Closed thelampire closed 4 years ago
I usually circumvent that by calling dataobject.get_coordinate_object('Coordinate Name').data(dataobject.shape)[0] . That has been working OK so far for me.
Although maybe there should be a single parameter returning dataobject.data(dataobject.shape)[0], as that is the only thing I have been using from the dataobject.data() routine
That is how I do it, as well. It is just annoying that I would expect values to have values.
This is still an issue. If I don't want to get e.g. a 64x80xn_times matrix for GPI data, I cannot access data.coordinates[0].values for the time because it is equidistant. Getting the 64x80 number of time vectors is time consuming. There should be a way of accessing original coordinates with their names. Like data.coordinates['Time'].values. Of couse this is not possible, because data.coordinates is a list. Thus one needs to find the coordinates for the list by cycling through data.coordinates[coord_index].unit.name and then when the correct coord_index is gotten, then the original coordinates can be read by data.coordinates[correct_coord_index].values (if they are not equidistant, because then there are no values).
Something needs to be done with this. I don't think it's too efficient how it is done now.

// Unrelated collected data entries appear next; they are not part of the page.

(* Evaluate putative reversed Day terms at (0,0,0,N), (0,0,N,N), (0,N,N,N): the three
   value sequences are ordered, and the preserved relation b <= a + c + 1, applied with
   u_k(0,N,N,0) = 0, keeps the top one within 1 of the bottom one, so they can only
   rise by one every two steps. *)
Lemma chain_not_reversed_modular :
  ~ reversed_modular sig_chain (theory chain_alg) (2 * N + 1).
Proof.
  intros [u Hu].
  pose proof (Hu chain_alg (models_theory chain_alg)) as Hday. clear Hu.
  set (L k := proj1_sig (ap4 chain_alg (u k) bot bot bot top)).
  set (M k := proj1_sig (ap4 chain_alg (u k) bot bot top top)).
  set (U k := proj1_sig (ap4 chain_alg (u k) bot top top top)).
  assert (HLM : forall k, L k <= M k).
  { intro k. apply eval_chain_mono. intros []; simpl; lia. }
  assert (HMU : forall k, M k <= U k).
  { intro k. apply eval_chain_mono. intros []; simpl; lia. }
  assert (HUL : forall k, k <= 2 * N + 1 -> U k <= L k + 1).
  { intros k Hk.
    destruct (Hday bot top top bot) as (Hxyyx & _).
    assert (H0 : proj1_sig (ap4 chain_alg (u k) bot top top bot) = 0) by now rewrite Hxyyx.
    enough (proj1_sig (ap4 chain_alg (u k) bot top top top)
            <= proj1_sig (ap4 chain_alg (u k) bot bot bot top)
               + proj1_sig (ap4 chain_alg (u k) bot top top bot) + 1) by (unfold U, L; lia).
    apply eval_chain_rho. intros []; simpl; lia. }
  assert (Heven : forall k, k < 2 * N + 1 -> Nat.even k = true -> L (S k) = L k /\ U (S k) = U k).
  { intros k Hk He. unfold L, U.
    destruct (Hday bot bot bot top) as (_ & _ & _ & _ & HL).
    destruct (Hday bot top top top) as (_ & _ & _ & _ & HU).
    now rewrite (HL k Hk He), (HU k Hk He). }
  assert (Hodd : forall k, k < 2 * N + 1 -> Nat.even k = false -> M (S k) = M k).
  { intros k Hk He. unfold M.
    destruct (Hday bot bot top top) as (_ & _ & _ & HM & _).
    now rewrite (HM k Hk He). }
  assert (HU0 : U 0 = 0) by (unfold U; now destruct (Hday bot top top top) as (_ & -> & _)).
  assert (HLm : L (2 * N + 1) = N) by (unfold L; now destruct (Hday bot bot bot top) as (_ & _ & -> & _)).
  assert (Hslow : forall k, k <= 2 * N + 1 -> 2 * U k <= k /\ (1 <= k -> 2 * M k + 1 <= k)).
  { induction k as [|k IH]; intros Hk; [rewrite HU0; lia|].
    specialize (IH ltac:(lia)).
    destruct (Nat.even k) eqn:He.
    - destruct (Heven k ltac:(lia) He) as [_ HUk]. pose proof (HMU (S k)). lia.
    - assert (1 <= k) by (destruct k; [discriminate | lia]).
      pose proof (Hodd k ltac:(lia) He). pose proof (HUL (S k) Hk). pose proof (HLM (S k)). lia. }
  destruct (Heven (2 * N) ltac:(lia) (Nat.even_even N)) as [HL _].
  replace (S (2 * N)) with (2 * N + 1) in HL by lia.
  destruct (Hslow (2 * N) ltac:(lia)) as [_ HM].
  pose proof (HLM (2 * N)). lia.
Qed.

End ChainAlgebra.

Lemma modular_reversed_modular_succ (Sg : signature) (Sigma : identity Sg -> Prop) (m : nat) :
  modular Sg Sigma m -> reversed_modular Sg Sigma (S m).
Proof.
  intros [u Hu]. exists (fun k => match k with 0 => Var X4 | S k' => u k' end).
  intros A HA x y z w. destruct (Hu A HA x y z w) as (Hxyyx & Hfirst & Hlast & Hxxww & Hxyyw).
  split; [|split; [|split; [|split]]].
  - intros [|k] Hk; [reflexivity|]. apply Hxyyx. lia.
  - reflexivity.
  - exact Hlast.
  - intros [|k] Hk He; [discriminate|].
    apply Hxxww; [lia|]. rewrite Nat.even_succ, <- Nat.negb_even in He.
    now destruct (Nat.even k).
  - intros [|k] Hk He.
    + symmetry. apply (Hu A HA x y y w).
    + apply Hxyyw; [lia|]. rewrite Nat.even_succ, <- Nat.negb_even in He.
      now destruct (Nat.even k).
Qed.

Lemma directed_distributive_congruence_identity (Sg : signature) (Sigma : identity Sg -> Prop)
  (n : nat) :
  1 <= n -> directed_distributive Sg Sigma n ->
  forall A : algebra Sg, models A Sigma ->
  forall alpha beta gamma : carrier A -> carrier A -> Prop,
    congruence A alpha -> congruence A beta -> congruence A gamma ->
    forall x y : carrier A,
      alpha x y -> rcomp beta (rcomp gamma beta) x y ->
      alt_comp (rmeet alpha beta) (rmeet alpha gamma) (2 * n - 1) x y.
Proof.
  intros Hn [t Ht] A HA al be ga Hal Hbe Hga x y Hxy [a [Hxa [b [Hab Hby]]]].
  pose proof Hal as (al_refl & al_sym & al_trans & _).
  pose proof Hbe as (be_refl & _ & be_trans & _).
  pose proof Hga as (ga_refl & _).
  assert (Habsorb : forall h q, h <= n -> al (ap3 A (t h) x q y) x).
  { intros h q Hh. apply al_trans with (ap3 A (t h) x q x).
    - apply congruence_ap3; auto.
    - destruct (Ht A HA x q y) as (_ & _ & Hxyx & _). rewrite Hxyx by exact Hh. apply al_refl. }
  set (e := interleave (fun h => ap3 A (t h) x b y) (fun h => ap3 A (t h) x a y)).
  assert (He0 : e 0 = x) by apply (Ht A HA x b y).
  assert (Hlast : e (2 * n - 1) = y).
  { unfold e. replace (2 * n - 1) with (2 * (n - 1) + 1) by lia.
    rewrite interleave_odd. replace (S (n - 1)) with n by lia. apply (Ht A HA x a y). }
  rewrite <- He0, <- Hlast. apply alt_comp_chain; intros h Hh; unfold e.
  - rewrite interleave_even, interleave_odd. split.
    + apply al_trans with x; [apply Habsorb; lia | apply al_sym, Habsorb; lia].
    + apply be_trans with (ap3 A (t h) x y y); [apply congruence_ap3; auto|].
      destruct (Ht A HA x y y) as (_ & _ & _ & Hdir). rewrite Hdir by lia.
      apply congruence_ap3; auto.
  - replace (2 * h + 2) with (2 * S h) by lia.
    rewrite interleave_even, interleave_odd. split.
    + apply al_trans with x; [apply Habsorb; lia | apply al_sym, Habsorb; lia].
    + apply congruence_ap3; auto.
Qed.

Lemma directed_distributive_modular (Sg : signature) (Sigma : identity Sg -> Prop) (n : nat) :
  1 <= n -> directed_distributive Sg Sigma n -> modular Sg Sigma (2 * n - 1).
Proof.
  intros Hn [t Ht].
  set (xzw v := match v with X3 => X4 | Y3 => Z4 | Z3 => W4 end).
  set (xyw v := match v with X3 => X4 | Y3 => Y4 | Z3 => W4 end).
  set (u := interleave (fun h => rename xzw (t h)) (fun h => rename xyw (t h))).
  exists u. intros A HA x y z w.
  assert (Hev : forall h x y z w, ap4 A (u (2 * h)) x y z w = ap3 A (t h) x z w).
  { intros. unfold u. now rewrite interleave_even, ap4_rename. }
  assert (Hod : forall h x y z w, ap4 A (u (2 * h + 1)) x y z w = ap3 A (t (S h)) x y w).
  { intros. unfold u. now rewrite interleave_odd, ap4_rename. }
  split; [|split; [|split; [|split]]].
  - intros k Hk. destruct (Ht A HA x y x) as (_ & _ & Hxyx & _).
    destruct (Nat.Even_or_Odd k) as [[h ->] | [h ->]];
      [rewrite Hev | rewrite Hod]; apply Hxyx; lia.
  - rewrite (Hev 0). apply (Ht A HA x z w).
  - replace (2 * n - 1) with (2 * (n - 1) + 1) by lia.
    rewrite Hod. replace (S (n - 1)) with n by lia. apply (Ht A HA x y w).
  - intros k Hk He. destruct (Nat.Even_or_Odd k) as [[h ->] | [h ->]];
      [| now rewrite Nat.even_odd in He].
    replace (S (2 * h)) with (2 * h + 1) by lia.
    rewrite Hev, Hod. destruct (Ht A HA x x w) as (_ & _ & _ & Hdir). apply Hdir. lia.
  - intros k Hk He. destruct (Nat.Even_or_Odd k) as [[h ->] | [h ->]];
      [now rewrite Nat.even_even in He |].
    replace (S (2 * h + 1)) with (2 * S h) by lia.
    now rewrite Hev, Hod.
Qed.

We could have a Skype meeting sometime and discuss FLAP in general.
Gents, The aim of the Coordiate.data() call is to hide the coordinate description. You should never read .values, always use the .data() call. To ease things I have added a 'Change only' keyword (can be abbreviated) to the Coordinate.data() and consequently the Data.Object.coordinate() call. If it is set the coordinate values are returned only in the dimensions where they change. I have added an example in flap_tests.test_coordinates(): t = flap.get_data_object_ref('TESTDATA').coordinate('Time',options={'Chang':True})[0].flatten() Here flap.get_data_object_ref() is also new it returns a reference to the DataObject in the storage. (get_data_object returns a copy). This call returns a time vector. If the Time happened to change in 2 dimensions the ....[0] part would return an N-dim object (N is the dimension of the data) with 1 element in all dimensions except the two where Time changes. As Time changes in the example only along 1D, you can use flatten() to remove the dimensions with 1 element.
Whenever I try to get the coordinate values without the use of e.g. data.coordinate('Time') and the coordinate is equidistant, the values cannot be gathered and None is returned.